Specifically, in embodiments of the present invention, according to formulaCalculate second Elements A i the second entropy Es2i, wherein, S2i is the second character string in second element Ai, and Ck2 is in the second character string S2i Word, i takes 1 to p successively, and p is the number of the word in the second character string S2i, and P (Ck2) is word Ck2 in the second character string S2i The probability of appearance.In embodiments of the present invention, all words in the text that second element includes constitute the of the second element Two character strings, the frequency that each word in above-mentioned second character string occurs in second character string is calculated, each word is obtained and exists The probability occurred in second character string, the probability of each word calculated is multiplied with the logarithm of the probability, the institute that will be obtained There is result summation, then take negative, be exactly the second entropy of the second element.Such as:The text included in second element A1 is " modern Its weather is fine, but really terribly cold.", then second element A1 the second character string S21 for " today, weather was fine, but really very It is cold ", second character string S21 includes 10 words altogether, wherein, the probability that " the present " occurs in the second character string S21 is 1/10, " my god " probability that occurs in the second character string S21 is 2/10, the probability that " gas " occurs in the second character string S21 is 1/10, The probability that " fine " occurs in the second character string S21 is 1/10, " but " probability that occurs in the second character string S21 is 1/10, The probability that "Yes" occurs in the second character string S21 is 1/10, and the probability that " true " occurs in the second character string S21 is 1/10, " very " probability occurred in the second character string S21 is 1/10, and the probability that " cold " occurs in the second character string S21 is 1/10, So second element A11 the second entropy Es21 can be calculated according to the following formula:
Es21=- (1/10*log21/10+2/10*log22/10+1/10*log21/10+1/10*log21/10+1/10* log21/10+1/10*log21/10+1/10*log21/10+1/10*log21/10+1/10*log21/10)。
Preferably, in embodiments of the present invention, the first element and first corresponding to the first node in tree structure is extracted Second element corresponding to the father node of node includes:Judge whether the first element corresponding to first node is block element, wherein; In the case of judging that the first element corresponding to first node is block element, the first element and first corresponding to first node is extracted Second element corresponding to the father node of node, that is, judging that the first element corresponding to first node is the situation of block element Under, just extract second element corresponding to the father node of the first element and the first node corresponding to first node.Need to illustrate , when whether judge the first element corresponding to first node is block element, once can only judge a first node pair Answer whether the first element is block element, can also once judge whether element corresponding to multiple first nodes is block element respectively.
In embodiments of the present invention, by judging whether the first element of first node is block element, avoid by comprising Content of text is that the first element of non-piece of elements such as " text sources ", " delivering the time " or " author " is extracted, and is reached Further improve the effect of the Text Feature Extraction degree of accuracy of Webpage.
In addition, the context extraction method for the Webpage that the embodiment of the present invention is provided can also be according to showing in Fig. 2 Idiographic flow performs, i.e. Fig. 2 is a kind of stream of the context extraction method of optional Webpage according to embodiments of the present invention Cheng Tu, as shown in Fig. 2 this method includes steps S202 to step S214:
S202:Requested webpage address is sent, wherein, the web page address is web page address corresponding to Webpage to be extracted, The step is specially that the web page address of Webpage to be extracted is sent to server.

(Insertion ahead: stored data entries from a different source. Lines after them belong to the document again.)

Lemma cnt_set2 (r : nat) (A : {set vec r}) m z1 z2 : z1 != z2 ->
  cnt A m [set z1; z2] = (nsubsets_sum A m z1 + nsubsets_sum A m z2)%N.
Proof.
move=> z12; rewrite /cnt /nsubsets_sum.
set F1 := [set X | _ & _ && (_ == z1)]; set F2 := [set X | _ & _ && (_ == z2)].
have disjF : F1 :&: F2 = set0.
  apply/setP => X; rewrite !inE; apply/negP => /andP [/and3P [_ _ /eqP e1]].
  by case/and3P => _ _ /eqP e2; move: z12; rewrite -e1 -e2 eqxx.
transitivity #|F1 :|: F2|; last by rewrite cardsU disjF cards0 subn0.
by apply: eq_card => X; rewrite !inE -andb_orr -andb_orr.
Qed.

Lemma cnt_span_compl (r : nat) (a c : vec r) (X : {set vec r}) :
  a != 0 -> c != 0 -> a != c -> X \subset ~: [set 0; a; c; a + c] ->
  (cnt X 2 [set a; a + c])%:Z =
  (cnt (~: [set 0; a; c; a + c] :\: X) 2 [set a; a + c])%:Z + 2 * #|X|%:Z + 4
  - #|vec r|%:Z.
Proof.
move=> a0 c0 ac sXK.
have aac : a != a + c by rewrite eq_sym addr_eql_char2 // => v; exact: addvv.
set T := ~: [set 0; a; c; a + c] :\: X.
have : (nsubsets_sum X 2 a + nsubsets_sum X 2 (a + c)%R + #|vec r| =
        nsubsets_sum T 2 a + nsubsets_sum T 2 (a + c)%R + 2 * #|X| + 4)%N.
  exact: (@nsubsets_sum2_span_compl (vec r) (@addvv r) a c X a0 c0 ac sXK).
by rewrite !cnt_set2 //; lia.
Qed.

Lemma bsetP (r : nat) (b : nat -> vec r) lo hi x :
  reflect (exists2 i, (lo <= i <= hi)%N & x = b i) (x \in bset b lo hi).
Proof.
rewrite /bset inE; apply: (iffP mapP) => [[i]|[i]].
  by rewrite mem_index_iota ltnS => h ->; exists i.
by move=> h ->; exists i; rewrite // mem_index_iota ltnS.
Qed.

Lemma bset_cons (r : nat) (b : nat -> vec r) lo hi :
  (lo <= hi)%N -> bset b lo hi = b lo |: bset b lo.+1 hi.
Proof.
by move=> le_lo_hi; apply/setP => x; rewrite /bset !inE /index_iota subSn // subSS.
Qed.

Lemma setD_span12 (r : nat) (b : nat -> vec r) n :
  Delta r :\: (b 2 |: bset b 4 n) :\: [set b 1; b 1 + b 2] =
  ~: [set 0; b 1; b 2; b 1 + b 2] :\: bset b 4 n.
Proof.
apply/setP => x; rewrite !inE.
by case: (x == 0); case: (x == b 1); case: (x == b 2); case: (x == b 1 + b 2);
   case: (x \in [seq b i | i <- _]).
Qed.

Lemma setD_span34 (r : nat) (b : nat -> vec r) n : (4 <= n)%N ->
  Delta r :\: (b 2 |: bset b 4 n) :\: [set b 3; b 3 + b 4] =
  ~: [set 0; b 3; b 4; b 3 + b 4] :\: (b 2 |: bset b 5 n).
Proof.
move=> n4; apply/setP => x; rewrite bset_cons // !inE.
by case: (x == 0); case: (x == b 2); case: (x == b 3); case: (x == b 4);
   case: (x == b 3 + b 4); case: (x \in [seq b i | i <- _]).
Qed.

Section Design.

Variables (n r : nat) (b : nat -> vec r).
Hypothesis b_Delta : forall i, (1 <= i <= n)%N -> b i \in Delta r.
Hypothesis b_inj : {in index_iota 1 n.+1 &, injective b}.

Lemma design_neq0 i : (1 <= i <= n)%N -> b i != 0.
Proof. by move/b_Delta; rewrite inE. Qed.

Lemma design_eq i j : (1 <= i <= n)%N -> (1 <= j <= n)%N -> (b i == b j) = (i == j).
Proof.
move=> hi hj; apply/eqP/eqP => [|-> //].
by apply: b_inj; rewrite mem_index_iota ltnS.
Qed.

Lemma card_bset lo hi : (1 <= lo)%N -> (hi <= n)%N -> #|bset b lo hi| = (hi.+1 - lo)%N.
Proof.
move=> lo1 hin; rewrite /bset cardsE (card_uniqP _) ?size_map ?size_iota //.
rewrite map_inj_in_uniq ?iota_uniq // => i j; rewrite !mem_index_iota => ri rj.
by apply: b_inj; rewrite mem_index_iota; lia.
Qed.

Lemma b2_notin_bset lo : (2 < lo)%N -> b 2 \notin bset b lo n.
Proof.
move=> lo2; apply/bsetP => [[i hi /eqP]]; rewrite eq_sym design_eq; lia.
Qed.

Hypothesis n4 : (4 <= n)%N.

Lemma design_zero_notin : 0 \notin b 2 |: bset b 4 n.
Proof.
rewrite in_setU1 negb_or eq_sym design_neq0 //=; last by lia.
by apply/bsetP => [[i hi /eqP]]; rewrite eq_sym (negbTE (design_neq0 _)) //; lia.
Qed.

Lemma card_design : #|b 2 |: bset b 4 n| = (n - 2)%N.
Proof. by rewrite cardsU1 b2_notin_bset // card_bset //; lia. Qed.

Hypothesis b_free : row_free (\matrix_(i < 4) b i.+1).

Lemma design_add12_neq4 : b 1 + b 2 != b 4.
Proof.
have := row_free_addF2_neq (i := ord0) (j := inord 1) (l := inord 3) b_free.
by rewrite !rowK /= !inordK //; apply; rewrite -val_eqE /= ?inordK.
Qed.

Lemma design_add34_neq2 : b 3 + b 4 != b 2.
Proof.
have := row_free_addF2_neq (i := inord 2) (j := inord 3) (l := inord 1) b_free.
by rewrite !rowK /= !inordK //; apply; rewrite -val_eqE /= ?inordK.
Qed.

Hypothesis h12 : b 1 + b 2 \notin bset b 5 n.
Hypothesis h34 : b 3 + b 4 \notin bset b 5 n.

Lemma subset_compl_span12 : bset b 4 n \subset ~: [set 0; b 1; b 2; b 1 + b 2].
Proof.
apply/subsetP => _ /bsetP [i hi ->].
have [bi1 bi2] : b i != b 1 /\ b i != b 2 by rewrite !design_eq; lia.
rewrite !inE (negbTE (design_neq0 _)) ?(negbTE bi1) ?(negbTE bi2) /=; last by lia.
have [-> | hi5] : i = 4%N \/ (5 <= i <= n)%N by lia.
  by rewrite eq_sym design_add12_neq4.
by apply: contraNneq h12 => <-; apply/bsetP; exists i.
Qed.

Lemma subset_compl_span34 : b 2 |: bset b 5 n \subset ~: [set 0; b 3; b 4; b 3 + b 4].
Proof.
apply/subsetP => _ /setU1P [->|/bsetP [i hi ->]].
  have b2nz : b 2 != 0 by apply: design_neq0; lia.
  have [b23 b24] : b 2 != b 3 /\ b 2 != b 4 by rewrite !design_eq; lia.
  by rewrite !inE (negbTE b2nz) (negbTE b23) (negbTE b24) eq_sym (negbTE design_add34_neq2).
have [bi3 bi4] : b i != b 3 /\ b i != b 4 by rewrite !design_eq; lia.
rewrite !inE (negbTE (design_neq0 _)) ?(negbTE bi3) ?(negbTE bi4) /=; last by lia.
by apply: contraNneq h34 => <-; apply/bsetP; exists i.
Qed.
(* [exp_trunc m x / x ^ m] is a polynomial in [1/x] with nonnegative coefficients. *)
Lemma pow_mul_exp_trunc_le m x y :
  0 < x <= y -> x ^ m * exp_trunc m y <= y ^ m * exp_trunc m x.
Proof.
  intros Hxy. unfold exp_trunc. rewrite !scal_sum.
  apply sum_Rle. intros i Hi.
  replace m with (i + (m - i))%nat by lia. rewrite !pow_add.
  assert (x ^ (m - i) <= y ^ (m - i)) by (apply pow_incr; lra).
  assert (0 <= x ^ i * y ^ i / INR (Factorial.fact i)).
  { pose proof (INR_fact_pos i).
    apply Rdiv_le_0_compat; [apply Rmult_le_pos; apply pow_le |]; lra. }
  unfold Rdiv in *. nra.
Qed.

Lemma Qpoly_neg_after_nonpos m x y :
  0 < x < y -> Qpoly (S m) x <= 0 -> Qpoly (S m) y < 0.
Proof.
  rewrite !Qpoly_S. intros Hxy HQx.
  pose proof (pow_mul_exp_trunc_le m x y ltac:(lra)) as Hle.
  pose proof (INR_fact_pos m).
  assert (Hxm : 0 < x ^ m) by (apply pow_lt; lra).
  assert (Hym : 0 < y ^ m) by (apply pow_lt; lra).
  assert (Hbound : exp_trunc m y <= y ^ m * x / INR (Factorial.fact m)).
  { apply Rmult_le_reg_l with (x ^ m); [exact Hxm |].
    apply Rle_trans with (1 := Hle).
    replace (x ^ m * (y ^ m * x / INR (Factorial.fact m)))
      with (y ^ m * (x ^ S m / INR (Factorial.fact m))) by (simpl; field; lra).
    apply Rmult_le_compat_l; lra. }
  assert (y ^ m * x / INR (Factorial.fact m) < y ^ S m / INR (Factorial.fact m)).
  { simpl. unfold Rdiv. apply Rmult_lt_compat_r; [apply Rinv_0_lt_compat |]; nra. }
  lra.
Qed.

Lemma pow_div_fact_S t i :
  t ^ S i / INR (Factorial.fact (S i)) = t ^ i / INR (Factorial.fact i) * (t / INR (S i)).
Proof.
  rewrite Rfunctions.fact_simpl, mult_INR.
  pose proof (INR_fact_pos i). pose proof (lt_0_INR (S i) (Nat.lt_0_succ i)).
  simpl pow. field. lra.
Qed.

Lemma pow_div_fact_nonneg t i : 0 <= t -> 0 <= t ^ i / INR (Factorial.fact i).
Proof.
  intros Ht. pose proof (INR_fact_pos i).
  apply Rdiv_le_0_compat; [apply pow_le |]; lra.
Qed.

Lemma pow_div_fact_le_up t i j : (i <= j)%nat -> INR j <= t ->
  t ^ i / INR (Factorial.fact i) <= t ^ j / INR (Factorial.fact j).
Proof.
  induction 1 as [|j Hij IH]; intros Hj; [apply Rle_refl |].
  rewrite pow_div_fact_S. rewrite S_INR in Hj.
  pose proof (pos_INR j).
  pose proof (pow_div_fact_nonneg t j ltac:(lra)).
  assert (1 <= t / INR (S j)).
  { rewrite S_INR. apply Rmult_le_reg_r with (INR j + 1); [lra |].
    unfold Rdiv. rewrite Rmult_assoc, Rinv_l by lra. lra. }
  apply Rle_trans with (1 := IH ltac:(lra)).
  rewrite <- (Rmult_1_r (t ^ j / _)) at 1. apply Rmult_le_compat_l; assumption.
Qed.

Lemma pow_div_fact_le_down t i j : 0 <= t -> (i <= j)%nat -> t <= INR (S i) ->
  t ^ j / INR (Factorial.fact j) <= t ^ i / INR (Factorial.fact i).
Proof.
  intros Ht. induction 1 as [|j Hij IH]; intros Hi; [apply Rle_refl |].
  rewrite pow_div_fact_S.
  pose proof (pow_div_fact_nonneg t j Ht).
  assert (HSj : INR (S i) <= INR (S j)) by (apply le_INR; lia).
  assert (0 <= t / INR (S j) <= 1).
  { pose proof (lt_0_INR (S j) (Nat.lt_0_succ j)).
    split; [apply Rdiv_le_0_compat; lra |].
    apply Rmult_le_reg_r with (INR (S j)); [lra |].
    unfold Rdiv. rewrite Rmult_assoc, Rinv_l by lra. lra. }
  apply Rle_trans with (2 := IH Hi).
  rewrite <- (Rmult_1_r (t ^ j / _)) at 2. apply Rmult_le_compat_l; lra.
Qed.

Lemma sum_f_R0_ge_tail (f : nat -> R) (c : R) (k n : nat) :
  (forall i, 0 <= f i) -> (forall i, (k <= i <= n)%nat -> c <= f i) ->
  INR (S n - k) * c <= sum_f_R0 f n.
Proof.
  intros Hpos. induction n as [|n IH]; intros Hc; simpl sum_f_R0.
  - destruct k as [|k]; simpl.
    + specialize (Hc 0%nat ltac:(lia)). lra.
    + rewrite Rmult_0_l. apply Hpos.
  - specialize (IH (fun i Hi => Hc i ltac:(lia))).
    destruct (Nat.le_gt_cases k (S n)) as [Hk | Hk].
    + replace (S (S n) - k)%nat with (S (S n - k)) by lia.
      rewrite S_INR. specialize (Hc (S n) ltac:(lia)). lra.
    + replace (S (S n) - k)%nat with 0%nat by lia. simpl.
      pose proof (cond_pos_sum f n Hpos). pose proof (Hpos (S n)). lra.
Qed.

Lemma Qpoly_at_L_nonpos m : Qpoly (S m) (INR (S m)) <= 0.
Proof.
  set (t := INR (S m)). rewrite Qpoly_S.
  assert (Hsum : exp_trunc m t <= sum_f_R0 (fun _ => t ^ m / INR (Factorial.fact m)) m).
  { apply sum_Rle. intros i Hi. apply pow_div_fact_le_up; [exact Hi |].
    apply le_INR. lia. }
  rewrite sum_cte in Hsum. fold t in Hsum.
  replace (t ^ S m / INR (Factorial.fact m)) with (t ^ m / INR (Factorial.fact m) * t)
    by (simpl; unfold Rdiv; ring).
  lra.
Qed.

Lemma Qpoly_at_half_L_nonneg m : 0 <= Qpoly (S m) (INR (S m) / 2).
Proof.
  set (t := INR (S m) / 2). rewrite Qpoly_S.
  assert (Ht : 0 <= t) by (unfold t; pose proof (pos_INR (S m)); lra).
  assert (HK : exists K, (2 * K <= m <= 2 * K + 1)%nat)
    by (destruct (Nat.Even_or_Odd m) as [[K HK] | [K HK]]; exists K; lia).
  destruct HK as [K HK].
  assert (HKr : 2 * INR K <= INR m <= 2 * INR K + 1).
  { destruct HK as [HK1 HK2]. apply le_INR in HK1, HK2.
    rewrite plus_INR, mult_INR in HK2. rewrite mult_INR in HK1. simpl in HK1, HK2. lra. }
  assert (HtK : t <= INR (S K)) by (unfold t; rewrite !S_INR; lra).
  assert (Hcount : t <= INR (S m - K)).
  { replace (S m - K)%nat with (S (m - K)) by lia.
    unfold t. rewrite !S_INR, minus_INR by lia. lra. }
  (* The terms of index K..m are all at least the last one. *)
  assert (Htail : INR (S m - K) * (t ^ m / INR (Factorial.fact m)) <= exp_trunc m t).
  { apply sum_f_R0_ge_tail; [intros; apply pow_div_fact_nonneg, Ht |].
    intros i Hi. apply pow_div_fact_le_down; [exact Ht | lia |].
    apply Rle_trans with (1 := HtK), le_INR. lia. }
  pose proof (pow_div_fact_nonneg t m Ht).
  replace (t ^ S m / INR (Factorial.fact m)) with (t * (t ^ m / INR (Factorial.fact m)))
    by (simpl; unfold Rdiv; ring).
  nra.
Qed.

Lemma Qpoly_root_exists m :
  { g | INR (S m) / 2 <= g <= INR (S m) /\ Qpoly (S m) g = 0 }.
Proof.
  pose proof (lt_0_INR (S m) (Nat.lt_0_succ m)).
  pose proof (Qpoly_at_L_nonpos m). pose proof (Qpoly_at_half_L_nonneg m).
  destruct (IVT_gen_consistent (Qpoly (S m)) (INR (S m) / 2) (INR (S m)) 0)
    as [g [Hg Hroot]].
  - apply continuous_Qpoly.
  - split.
    + apply Rle_trans with (1 := Rmin_r _ _). assumption.
    + apply Rle_trans with (2 := Rmax_l _ _). assumption.
  - exists g. rewrite Rmin_left, Rmax_right in Hg by lra. auto.
Qed.

Lemma Qpoly_pos_root_unique m g t :
  0 < g -> 0 < t -> Qpoly (S m) g = 0 -> Qpoly (S m) t = 0 -> t = g.
Proof.
  intros Hg Ht Hgroot Htroot.
  destruct (Rtotal_order t g) as [Hlt | [Heq | Hgt]]; [| exact Heq |].
  - pose proof (Qpoly_neg_after_nonpos m t g ltac:(lra) ltac:(lra)). lra.
  - pose proof (Qpoly_neg_after_nonpos m g t ltac:(lra) ltac:(lra)). lra.
Qed.

Lemma derive_sign_strict_max (f f' : R -> R) (a g : R) :
  (forall c, is_derive f c (f' c)) ->
  (forall c, a < c < g -> 0 < f' c) -> (forall c, g < c -> f' c < 0) ->
  forall x, a <= x -> x <> g -> f x < f g.
Proof.
  intros Hf Hinc Hdec x Hx Hne.
  assert (Hmvt : forall u v, u < v -> exists c, f v - f u = f' c * (v - u) /\ u < c < v).
  { intros u v Huv. apply MVT_cor2; [exact Huv |].
    intros c _. apply is_derive_Reals, Hf. }
  destruct (Rlt_or_le x g) as [Hlt | Hle].
  - destruct (Hmvt x g Hlt) as [c [Hc Hcin]].
    pose proof (Hinc c ltac:(lra)). nra.
  - destruct (Hmvt g x ltac:(lra)) as [c [Hc Hcin]].
    pose proof (Hdec c ltac:(lra)). nra.
Qed.
Lemma analytic_on_ex_diff_n rho t x1 x2 n : forall g,
  analytic_on rho g -> box rho t x1 x2 -> ex_diff_n (g t) n x1 x2.
Proof.
  induction n as [|n IH]; intros g hg hb.
  - split; [|exact I]. apply continuity_2d_pt_of_continuous3, (analytic_on_continuous3 rho); auto.
  - destruct (analytic_on_dx1 _ _ hg) as [h1 d1]; destruct (analytic_on_dx2 _ _ hg) as [h2 d2].
    repeat split.
    + apply continuity_2d_pt_of_continuous3, (analytic_on_continuous3 rho); auto.
    + eexists; apply d1, hb.
    + eexists; apply d2, hb.
    + apply (IH (dx1 g) h1 hb).
    + apply (IH (dx2 g) h2 hb).
Qed.

Lemma analytic_on_locally_ex_diff_n rho g t x1 x2 n :
  analytic_on rho g -> box rho t x1 x2 -> locally_2d (ex_diff_n (g t) n) x1 x2.
Proof.
  intros hg hb. apply locally_2d_impl with (2 := locally_2d_box _ _ _ _ hb).
  apply locally_2d_forall; intros u v; apply analytic_on_ex_diff_n, hg.
Qed.

Lemma differentiable_pt_lim_of_ex_diff_n f x y :
  locally_2d (ex_diff_n f 1) x y -> differentiable_pt_lim f x y (pd1 f x y) (pd2 f x y).
Proof.
  intros H eps.
  destruct (locally_2d_singleton _ _ _ H) as (_ & _ & _ & [c1 _] & [c2 _]).
  assert (he : 0 < eps / 2) by (pose proof (cond_pos eps); lra).
  destruct (locally_2d_and _ _ _ _ H
    (locally_2d_and _ _ _ _ (c1 (mkposreal _ he)) (c2 (mkposreal _ he)))) as [d Hd].
  exists d; intros u v hu hv.
  destruct (MVT_cor4 (fun z => f z v) (fun z => pd1 f z v) x (Rabs (u - x))) with (b := u)
    as (c & Ec & hc); [|lra|].
  { intros c hc. apply Derive_correct. apply (Hd c v); lra. }
  destruct (MVT_cor4 (fun z => f x z) (pd2 f x) y (Rabs (v - y))) with (b := v)
    as (c' & Ec' & hc'); [|lra|].
  { intros c' hc'. apply Derive_correct.
    apply (Hd x c'); [rewrite Rminus_diag, Rabs_R0; apply cond_pos|lra]. }
  destruct (Hd c v ltac:(lra) hv) as (_ & A1 & _).
  destruct (Hd x c' ltac:(rewrite Rminus_diag, Rabs_R0; apply cond_pos) ltac:(lra))
    as (_ & _ & A2).
  simpl in A1, A2.
  replace (f u v - f x y - (pd1 f x y * (u - x) + pd2 f x y * (v - y))) with
    ((pd1 f c v - pd1 f x y) * (u - x) + (pd2 f x c' - pd2 f x y) * (v - y)) by lra.
  pose proof (Rmax_l (Rabs (u - x)) (Rabs (v - y))).
  pose proof (Rmax_r (Rabs (u - x)) (Rabs (v - y))).
  eapply Rle_trans; [apply Rabs_triang|]. rewrite !Rabs_mult.
  pose proof (cond_pos eps).
  apply Rle_trans with (eps / 2 * Rabs (u - x) + eps / 2 * Rabs (v - y)); [|nra].
  unfold pd1, pd2.
  apply Rplus_le_compat; apply Rmult_le_compat_r; try apply Rabs_pos; lra.
Qed.
Lemma prefix_splice : forall h y i, prefix (splice h y) (length h + i) = h ++ map y (seq 0 i).
Proof.
  intros h y. induction i as [|i IH].
  - rewrite Nat.add_0_r, app_nil_r. apply (nth_ext _ _ 0 0); rewrite prefix_length; auto.
    intros n Hn. rewrite prefix_nth; auto. unfold splice.
    destruct (Nat.ltb_spec n (length h)); auto; lia.
  - rewrite Nat.add_succ_r, prefix_S, IH, seq_S, map_app, app_assoc. simpl.
    unfold splice. destruct (Nat.ltb_spec (length h + i) (length h)); [lia |].
    do 3 f_equal. lia.
Qed.

Lemma splice_increasing : forall h y, increasing_from 0 h -> next_bound 0 h <= y 0 ->
  strictly_increasing y -> strictly_increasing (splice h y).
Proof.
  intros h y Hh Hy0 Hy k.
  assert (Hpre : increasing_from 0 (prefix (splice h y) (length h + S (S k)))).
  { rewrite prefix_splice. apply increasing_from_app.
    split; auto. apply increasing_from_map_seq; auto. }
  rewrite <- (prefix_nth (splice h y) (length h + S (S k)) k 0) by lia.
  rewrite <- (prefix_nth (splice h y) (length h + S (S k)) (S k) 0) by lia.
  apply (increasing_from_nth _ 0); auto. rewrite prefix_length. lia.
Qed.

Lemma unbounded_increasing_sequence : forall (P : nat -> Prop) b,
  (forall N, exists x, N <= x /\ P x) ->
  exists y : nat -> nat, b <= y 0 /\ strictly_increasing y /\ forall i, P (y i).
Proof.
  intros P b HP.
  set (next := fun N => epsilon (inhabits 0) (fun x => N <= x /\ P x)).
  assert (Hnext : forall N, N <= next N /\ P (next N))
    by (intros N; apply (epsilon_spec (inhabits 0) (fun x => N <= x /\ P x)), HP).
  exists (fix y i := match i with 0 => next b | S i' => next (S (y i')) end).
  split; [apply Hnext | split].
  - intros i. apply Hnext.
  - intros [|i]; apply Hnext.
Qed.

Section ChainLimit.
Variable hist : nat -> list nat.
Hypothesis hist_extends : forall k, exists r, hist (S k) = hist k ++ r.
Hypothesis hist_grows : forall k, k <= length (hist k).

Definition chain_limit (n : nat) : nat := nth n (hist (S n)) 0.

Lemma hist_mono : forall k k', k <= k' -> exists r, hist k' = hist k ++ r.
Proof.
  intros k k' H. induction H as [|m H IH]; [exists []; rewrite app_nil_r; auto |].
  destruct IH as [r Hr]. destruct (hist_extends m) as [r' Hr'].
  exists (r ++ r'). rewrite Hr', Hr, app_assoc. reflexivity.
Qed.

Lemma chain_limit_nth : forall K n, n < length (hist K) -> chain_limit n = nth n (hist K) 0.
Proof.
  intros K n Hn. unfold chain_limit. destruct (Nat.le_ge_cases K (S n)) as [H|H].
  - destruct (hist_mono _ _ H) as [r ->]. rewrite app_nth1; [reflexivity | exact Hn].
  - destruct (hist_mono _ _ H) as [r ->]. rewrite app_nth1; [reflexivity |].
    specialize (hist_grows (S n)). lia.
Qed.

Lemma chain_limit_prefix : forall K m, m <= length (hist K) ->
  prefix chain_limit m = firstn m (hist K).
Proof.
  intros K m Hm. apply (nth_ext _ _ 0 0).
  - rewrite prefix_length, firstn_length_le; auto.
  - intros n Hn. rewrite prefix_length in Hn. rewrite prefix_nth, nth_firstn; auto.
    destruct (Nat.ltb_spec n m); [| lia]. apply chain_limit_nth. lia.
Qed.

End ChainLimit.

Section TallnessToHMM.
Variable I : (nat -> Prop) -> Prop.
Hypothesis HI : is_ideal I.
Variable tau : tall_strategy_II.
Hypothesis tau_wins : II_wins_tallness I tau.

(* From the virtual tallness play h, Player I can reach x (after some filler
   moves J) so that [tau] answers 1 at x. *)
Definition extendable (h : list nat) (x : nat) : Prop :=
  exists J, increasing_from (next_bound 0 h) (J ++ [x]) /\ tau (h ++ J ++ [x]) = true.

(* All large x are extendable: otherwise the non-extendable moves, played
   after h, would give a play in which [tau] answers 1 only finitely often. *)
Lemma extendable_cofinite : forall h, increasing_from 0 h ->
  exists N, forall x, N <= x -> extendable h x.
Proof.
  intros h Hh. apply NNPP. intros Hfew.
  assert (Hbad : forall N, exists x, N <= x /\ ~ extendable h x).
  { intros N. apply NNPP. intros Hno. apply Hfew. exists N. intros x Hx.
    apply NNPP. intros Hnx. apply Hno. eauto. }
  destruct (unbounded_increasing_sequence _ (next_bound 0 h) Hbad) as [y [Hy0 [Hy Hyb]]].
  destruct (tau_wins (splice h y) (splice_increasing h y Hh Hy0 Hy)) as [Hinf _].
  destruct (Hinf (S (list_max h))) as [m [Hm [k [Hk Ht]]]].
  destruct (Nat.lt_ge_cases k (length h)) as [Hlt|Hge].
  - unfold splice in Hk. destruct (Nat.ltb_spec k (length h)) as [_|]; [| lia].
    assert (In m h) by (rewrite <- Hk; apply nth_In; auto).
    pose proof (list_max_upper _ _ H). lia.
  - set (i := k - length h).
    replace (S k) with (length h + S i) in Ht by lia.
    rewrite prefix_splice, seq_S, map_app in Ht.
    apply (Hyb i). exists (map y (seq 0 i)). split; [| exact Ht].
    change [y i] with (map y [0 + i]). rewrite <- map_app, <- seq_S.
    apply increasing_from_map_seq; auto.
Qed.

(* Player I's strategy: forbid the non-extendable moves below [safe_bound h],
   and record each answer x of Player II by extending h with filler moves and x. *)
Definition safe_bound (h : list nat) : nat :=
  epsilon (inhabits 0) (fun N => forall x, N <= x -> extendable h x).

Definition filler (h : list nat) (x : nat) : list nat :=
  epsilon (inhabits []) (fun J => increasing_from (next_bound 0 h) (J ++ [x]) /\
                                  tau (h ++ J ++ [x]) = true).

Definition advance (h : list nat) (x : nat) : list nat := h ++ filler h x ++ [x].

Definition history (l : list nat) : list nat := fold_left advance l [].

Definition hmm_from_tallness (l : list nat) : list nat := seq 0 (safe_bound (history l)).

Lemma filler_spec : forall h x, increasing_from 0 h -> safe_bound h <= x ->
  increasing_from (next_bound 0 h) (filler h x ++ [x]) /\ tau (h ++ filler h x ++ [x]) = true.
Proof.
  intros h x Hh Hx. unfold filler. apply epsilon_spec.
  apply (epsilon_spec (inhabits 0) (fun N => forall x, N <= x -> extendable h x)); auto.
  apply extendable_cofinite; auto.
Qed.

S204:The HTML code returned is obtained, specifically, obtains Webpage corresponding to the web page address that server returns HTML code, equivalent to the HTML code of the acquisition Webpage to be extracted in step S102, be not repeated.
S206:Establish dom tree, i.e. establish the tree structure of Webpage, equivalent in step S102 according to HTML generations Code establishes the tree structure of Webpage to be extracted, is not repeated.
S207:Current leaf node is set to first leaf node.
S208:Obtain element corresponding to current leaf node.
S210:Judge whether the element is block element, i.e. corresponding to the current leaf node obtained in judgment step S208 Whether element is block element, in the case where judging that the element is block element, performs step S212;Judging the element not In the case of being block element, step S211 is performed:Current leaf node is set to next leaf node, return to step S208.
S212:The information content of element corresponding to the leaf node is calculated, and is calculated corresponding to the father node of the leaf node The information content of element, equivalent to step S106, i.e. in the case where judging that the leaf node is block element, calculate the leaf The information content of element corresponding to node, the information content of element corresponding to the father node of the leaf node is also calculated, calculated After the information content of element corresponding to the information content of element corresponding to the leaf node and the father node of the leaf node, step is performed S213:Judge whether to have traveled through whole leaf nodes, if it is, performing step S214;If it is not, then perform step S211: Current leaf node is set to next leaf node, is then back to step S208.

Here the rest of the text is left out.